Samuel napisał(a):
Tomasz Żółtko, jak większość sławnych krajowych tzw. "chrześcijańskich artystów" [link:
http://rozrywka.bielsko.info/22,37,0,12 ... erwis.html ], udziela się, by wypromować swoje tomiki poezji, kasety i płyty CD.
Jest artystą, tak zarabia na życie. Słowa wielu jego piosenek są bardzo mocne, bardzo wprost, odważnie świadczy o Jezusie.
Samuel napisał(a):
Nie wiem nawet, czy ma on coś przeciw ekumenii [zob. link:
http://starachowice-net.pl/informator/n ... ko-zdj-cia], lubi odwiedzać luterańskie kościoły [zob. np. ten link:
http://www.dziemiany.pl/koncert_w_dziem ... oltko-377/ ]
Jeśli nie wiesz, po co poruszasz ten temat?
Samuel napisał(a):
Inna sprawa, że są kościoły, które zezwalają mu głościć za pulpitem i tu się zaczynają schody. Nie, nie żartuję. Oto dowód niedzielnego kazania "Samarytanka" zob. link:
http://kzjgora.pl/index.php/kazania/audio/2011 , po którym Tomasz Żółtko sprzedawał płyty, ludzie przychodzili do niego po autograf, a on odbierał chwałę za swoją mowę. Tak to odebrałem, niestety, byłem wtedy "na żywo". Bożego Słowa mało, o sobie i ludzkich sprawach wiele.
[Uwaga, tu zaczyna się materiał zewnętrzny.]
(* Clearing [vs] keeps lia from making lemmas that do not need it depend on it. *)
Ltac unit_lia := case: unit_d => ->; clear vs; lia.

Lemma notin_behind_run x c' : d * (x - L) < 0 -> x \notin col_set s c'.
Proof. by move=> x_behind; apply/negP => /col_set_sites /run.1; rewrite leNgt x_behind. Qed.

Lemma run_start : L \in col_set s c.
Proof. by have := run.2 0%N isT; rewrite mul0r addr0. Qed.

Lemma rate_behind_run : rate s (L - d) c = 1%N.
Proof.
rewrite /rate (negbTE (notin_behind_run _ _)); last by unit_lia.
rewrite (nb_sym _ _ unit_d) (negbTE (notin_behind_run _ _)); last by unit_lia.
by rewrite subrK run_start.
Qed.

Lemma rate_behind_runN : rate s (L - d) (~~ c) = 0%N.
Proof.
rewrite /rate (negbTE (notin_behind_run _ _)); last by unit_lia.
rewrite (nb_sym _ _ unit_d) (negbTE (notin_behind_run _ _)); last by unit_lia.
by rewrite subrK (negbTE (col_setN vs run_start)).
Qed.

Lemma rate_insideN k : (k < a')%N -> rate s (L + k%:Z * d) (~~ c) = 0%N.
Proof.
move=> lt_k_a; rewrite /rate (negbTE (col_setN vs (run.2 k (ltnW lt_k_a)))).
rewrite (nb_sym _ _ unit_d).
have -> : L + k%:Z * d + d = L + k.+1%:Z * d by unit_lia.
rewrite (negbTE (col_setN vs (run.2 k.+1 _))) // addn0.
case: k lt_k_a => [|k] lt_k_a.
  by rewrite (negbTE (notin_behind_run _ _)) //; unit_lia.
have -> : L + k.+1%:Z * d - d = L + k%:Z * d by unit_lia.
by rewrite (negbTE (col_setN vs (run.2 k _))) // ltnW // ltnW.
Qed.

Lemma rate_last_runN : rate s last (~~ c) = (front \in col_set s (~~ c)) :> nat.
Proof.
rewrite /rate (negbTE (col_setN vs (run.2 a' (ltnSn _)))) (nb_sym _ _ unit_d).
have -> : last + d = front by unit_lia.
case: a' run => [|a''] run'.
  by rewrite (negbTE (notin_behind_run _ _)) //; unit_lia.
have -> : L + a''.+1%:Z * d - d = L + a''%:Z * d by unit_lia.
by rewrite (negbTE (col_setN vs (run'.2 a'' _))) // ltnW.
Qed.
Mnie jego głoszenie bardzo zbudowało.
Samuel napisał(a):
A tytuły jego utworów "Bóg kocha chorych na AIDS", "Klatka skandalu", "Krótkie wyprawy w kosmos", "Bóg dał nam seks", mówią same za siebie.
Co mówią? Czytałeś teksty tych piosenek?
Samuel napisał(a):
Co do tego artykułu, powielanego na innych portalach, kościelnych także. Ten tekst jest bardzo zachowawczy, nie ma Bożego Słowa ani słowa, coś na zasadzie "...nie jestem przeciw, lecz...", "...nie jestem za, ale..." I nie wiadomo, co autor tak naprawdę miał na myśli. A idąc za Bogiem, nie da się tak, by "wilk był syty, i owca cała". Oczywiście, mówię tylko za siebie.
A jaki wilk tu syty, jaka owca cała? Tekst jest jasny, realizuje założony temat. Dla mnie też bardzo budujący.